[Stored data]
(* Consider the stochastic rolling-window dispatch problem $P_t$ for window $\mathscr{H}_t=\{t,\dots,t+W-1\}$ described in the context, and let $(\phi^*,\underline{\delta}^*,\bar{\delta}^*,\dots)$ be an optimal dual solution (satisfying the KKT conditions together with an optimal primal solution). Then for every ESR $i$, \[\phi^*_{it}=\Delta \delta_{it}^*+\sum_{t'=t+1}^{t+W-1}\sum_{k=1}^K\Delta \delta_{it'k}^*,\] where $\Delta \delta_{it}^*:=\underline{\delta}_{it}^*-\bar{\delta}_{it}^*$ and $\Delta \delta_{it'k}^*:=\underline{\delta}_{it'k}^*-\bar{\delta}_{it'k}^*$.
   Context: Single-bus market with $N$ energy storage resources (ESRs) indexed by $i$. ESR $i$ has charging/discharging efficiencies $\xi_i^{C},\xi_i^{D}\in(0,1]$, state-of-charge (SOC) limits $\underline{E}_i\le\bar{E}_i$, charging/discharging power limits $(\underline{g}_i^{C},\bar{g}_i^{C})$, $(\underline{g}_i^{D},\bar{g}_i^{D})$, ramp limits $\underline{r}_i^{C},\bar{r}_i^{C},\underline{r}_i^{D},\bar{r}_i^{D}$, and bid-in charging benefit and discharging cost functions $f^{C}_{it},f^{D}_{it}$. At interval $t$ the operator solves, over the window $\mathscr{H}_t=\{t,\dots,t+W-1\}$, given realized inelastic demand $d_t$, $K$ demand forecast scenarios $\hat d_{t'k}$ ($t'\in\mathscr{H}_t\setminus\{t\}$) with probabilities $\epsilon_k$, and the previously realized values $g^{C*}_{i(t-1)},g^{D*}_{i(t-1)},E^*_{i(t-1)}$, the problem $P_t$: minimize $\sum_i\big(f^{D}_{it}(g^{D}_{it})-f^{C}_{it}(g^{C}_{it})\big)+\sum_k\epsilon_k\sum_{t'\in\mathscr{H}_t\setminus\{t\}}\sum_i\big(f^{D}_{it'}(g^{D}_{it'k})-f^{C}_{it'}(g^{C}_{it'k})\big)$ subject to, for all $i$, $k$, $t'\in\mathscr{H}_t\setminus\{t\}$ (with the convention that in scenario $k$ the interval-$t$ variables are the binding variables $g_{it},E_{it}$): power balance $\sum_i(g^{D}_{it}-g^{C}_{it})=d_t$ (multiplier $\lambda_t$) and $\sum_i(g^{D}_{it'k}-g^{C}_{it'k})=\hat d_{t'k}$; SOC transition $E_{it}-E^*_{i(t-1)}=\xi_i^{C}g^{C}_{it}-g^{D}_{it}/\xi_i^{D}$ (multiplier $\phi_{it}$) and $E_{it'k}-E_{i(t'-1)k}=\xi_i^{C}g^{C}_{it'k}-g^{D}_{it'k}/\xi_i^{D}$ (multiplier $\phi_{it'k}$); SOC limits $\underline{E}_i\le E_{it}\le\bar E_i$ (multipliers $\underline{\delta}_{it},\bar\delta_{it}$) and $\underline{E}_i\le E_{it'k}\le\bar E_i$ (multipliers $\underline{\delta}_{it'k},\bar\delta_{it'k}$); ramping $-\underline{r}_i^{C}\le g^{C}_{it}-g^{C*}_{i(t-1)}\le\bar r_i^{C}$ (multipliers $\underline{\mu}^{C}_{it},\bar\mu^{C}_{it}$), $-\underline{r}_i^{C}\le g^{C}_{it'k}-g^{C}_{i(t'-1)k}\le\bar r_i^{C}$ (multipliers $\underline{\mu}^{C}_{it'k},\bar\mu^{C}_{it'k}$), and the same with $D$ in place of $C$; power limits $\underline g_i^{C}\le g^{C}\le\bar g_i^{C}$, $\underline g_i^{D}\le g^{D}\le\bar g_i^{D}$ for all binding and scenario variables (multipliers $\underline\rho,\bar\rho$). Multipliers of inequality constraints are nonnegative and enter the Lagrangian as $\bar\mu(x-\text{upper})+\underline\mu(\text{lower}-x)$; an equality constraint written as $\text{LHS}=\text{RHS}$ enters as (multiplier)$\times$(LHS$-$RHS), except power balance, which enters as $\lambda_t\big(d_t-\sum_i(g^D_{it}-g^C_{it})\big)$ (and analogously for scenarios). *)

From HB Require Import structures.
From mathcomp Require Import all_boot all_order all_algebra.
From mathcomp Require Import all_classical all_reals all_analysis.
Set Implicit Arguments. Unset Strict Implicit. Unset Printing Implicit Defensive.
Import Order.TTheory GRing.Theory Num.Theory.
Import numFieldNormedType.Exports.
Local Open Scope ring_scope.
(* Let $X_0=0$ and $X_n=\sum_{j=1}^{X_{n-1}}\xi_{n,j}+\varepsilon_n$ for $n\ge1$, where $\{\xi_{n,j},\varepsilon_n\}$ are independent nonnegative integer-valued random variables with $\xi_{n,j}$, $j\in\mathbb N$, identically distributed for each $n$. Let $G_n(x)=\mathbb E x^{\xi_{n,1}}$, $H_n(x)=\mathbb E x^{\varepsilon_n}$, $\rho_n=G_n'(1)\le 1$, and $m_{n,1}=\mathbb E\varepsilon_n$. Define $\overline G_{n+1,n}(x)=x$ and $\overline G_{j,n}(x)=G_j(\overline G_{j+1,n}(x))$ for $j\le n$. Assume $\prod_{n=2}^\infty\rho_n=\rho\in(0,1)$ and $\sum_{n=1}^\infty m_{n,1}<\infty$. Then for every $j$ and $x\in[0,1]$ the limit $\overline G_{j+1,\infty}(x)=\lim_{n\to\infty}\overline G_{j+1,n}(x)$ exists, and $X_n$ converges in distribution to a random variable $Y$ with generating function $$g(x)=\prod_{j=1}^\infty H_j\big(\overline G_{j+1,\infty}(x)\big).$$ *)

(* classical reals. Random variables are modelled by their
   probability mass functions on nat. *)
From Stdlib Require Import Reals ClassicalEpsilon.
Open Scope R_scope.

Definition lim (u : nat -> R) : R :=
  epsilon (inhabits 0) (fun l => Un_cv u l).

Definition series (a : nat -> R) : R := lim (fun N => sum_f_R0 a N).

Definition is_pmf (p : nat -> R) : Prop :=
  (forall k, 0 <= p k) /\ infinite_sum p 1.

Definition pgf (p : nat -> R) (x : R) : R := series (fun k => p k * x ^ k).

Definition delta0 (k : nat) : R := if Nat.eqb k 0 then 1 else 0.

Definition conv (p q : nat -> R) (k : nat) : R :=
  sum_f_R0 (fun i => p i * q (k - i)%nat) k.

Fixpoint convpow (p : nat -> R) (m : nat) : nat -> R :=
  match m with
  | O => delta0
  | S m' => conv p (convpow p m')
  end.

(* law of X_n: X_0 = 0, X_n = sum_{j=1}^{X_{n-1}} xi_{n,j} + eps_n,
   where xi_{n,j} has pmf p n and eps_n has pmf q n, all independent. *)
Fixpoint law (p q : nat -> nat -> R) (n : nat) : nat -> R :=
  match n with
  | O => delta0
  | S n' => fun k =>
      series (fun m => law p q n' m * conv (convpow (p n) m) (q n) k)
  end.

Fixpoint Gcomp (G : nat -> R -> R) (j k : nat) (x : R) : R :=
  match k with
  | O => x
  | S k' => G j (Gcomp G (S j) k' x)
  end.
Definition EStepRet : fexp :=
  let v := ESnd @ EFst in
  let K := ESnd in
  let w := EPred @ K in
  let fr := EFst @ w in
  let K' := ESnd @ w in
  let ft := EFst @ fr in
  let d := ESnd @ fr in
  EIfEq K (EConst 0) EId
   (EIfEq ft (EConst 0) (EEvalState (EFst @ d) (ESnd @ d) (EPushFrame (EPair (EConst 1) v) K'))
   (EIfEq ft (EConst 1) (ERetState (EPair d v) K')
   (EIfEq ft (EConst 2) (EEvalState d v K')
   (EIfEq ft (EConst 3)
      (let fa := EFst @ d in let g := EFst @ ESnd @ d in
       let x0 := EFst @ ESnd @ ESnd @ d in let i := EFst @ ESnd @ ESnd @ ESnd @ d in
       let n := ESnd @ ESnd @ ESnd @ ESnd @ d in
       EIfEq i n (ERetState v K')
         (EEvalState g (EPair x0 (EPair i v))
            (EPushFrame
               (EPair (EConst 3) (EPair fa (EPair g (EPair x0 (EPair (ESucc @ i) n))))) K')))
   (EIfEq ft (EConst 4)
      (let f := EFst @ d in let xx := EFst @ ESnd @ d in let m := ESnd @ ESnd @ d in
       EIfEq v (EConst 0) (ERetState m K')
         (EEvalState f (EPair xx (ESucc @ m))
            (EPushFrame (EPair (EConst 4) (EPair f (EPair xx (ESucc @ m)))) K')))
   EId))))).

(* A nonzero tag is treated as a return. *)
Definition EStep : fexp :=
  EIfEq (EFst @ EFst) (EConst 0) EStepEval
    (EStepRet @ EPair (EPair (EConst 1) (ESnd @ EFst)) ESnd).

Definition step (s : nat) : nat := den (fun _ => false) EStep s.

Lemma divmod9 r k : r < 9 -> (r + 9 * k) / 9 = k /\ (r + 9 * k) mod 9 = r.
Proof.
  intro H. split.
  - symmetry. apply (Nat.div_unique _ _ _ r); lia.
  - symmetry. apply (Nat.mod_unique _ _ k); lia.
Qed.

Ltac case_tests := repeat match goal with
  | |- context [?u =? ?v] => destruct (Nat.eqb_spec u v); try (exfalso; lia)
  | |- context [?u <=? ?v] => destruct (Nat.leb_spec u v); try (exfalso; lia)
  end.

Ltac step_rewrite :=
  cbn [den Nat.pred];
  rewrite ?den_IfEq, ?den_IfLe, ?den_Const, ?den_Id, ?den_Pred;
  try rewrite den_DivMod by lia;
  try (match goal with Hd : _ / 9 = _ |- _ => rewrite Hd end);
  try (match goal with Hm : _ mod 9 = _ |- _ => rewrite Hm end);
  simpl_pair.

» Task statement
Match on "where" and copy out every line of the entries that contains it.

» Reply to the task
(* Consider the stochastic rolling-window dispatch problem $P_t$ for window $\mathscr{H}_t=\{t,\dots,t+W-1\}$ described in the context, and let $(\phi^*,\underline{\delta}^*,\bar{\delta}^*,\dots)$ be an optimal dual solution (satisfying the KKT conditions together with an optimal primal solution). Then for every ESR $i$, \[\phi^*_{it}=\Delta \delta_{it}^*+\sum_{t'=t+1}^{t+W-1}\sum_{k=1}^K\Delta \delta_{it'k}^*,\] where $\Delta \delta_{it}^*:=\underline{\delta}_{it}^*-\bar{\delta}_{it}^*$ and $\Delta \delta_{it'k}^*:=\underline{\delta}_{it'k}^*-\bar{\delta}_{it'k}^*$.
(* Let $X_0=0$ and $X_n=\sum_{j=1}^{X_{n-1}}\xi_{n,j}+\varepsilon_n$ for $n\ge1$, where $\{\xi_{n,j},\varepsilon_n\}$ are independent nonnegative integer-valued random variables with $\xi_{n,j}$, $j\in\mathbb N$, identically distributed for each $n$. Let $G_n(x)=\mathbb E x^{\xi_{n,1}}$, $H_n(x)=\mathbb E x^{\varepsilon_n}$, $\rho_n=G_n'(1)\le 1$, and $m_{n,1}=\mathbb E\varepsilon_n$. Define $\overline G_{n+1,n}(x)=x$ and $\overline G_{j,n}(x)=G_j(\overline G_{j+1,n}(x))$ for $j\le n$. Assume $\prod_{n=2}^\infty\rho_n=\rho\in(0,1)$ and $\sum_{n=1}^\infty m_{n,1}<\infty$. Then for every $j$ and $x\in[0,1]$ the limit $\overline G_{j+1,\infty}(x)=\lim_{n\to\infty}\overline G_{j+1,n}(x)$ exists, and $X_n$ converges in distribution to a random variable $Y$ with generating function $$g(x)=\prod_{j=1}^\infty H_j\big(\overline G_{j+1,\infty}(x)\big).$$ *)
   where xi_{n,j} has pmf p n and eps_n has pmf q n, all independent. *)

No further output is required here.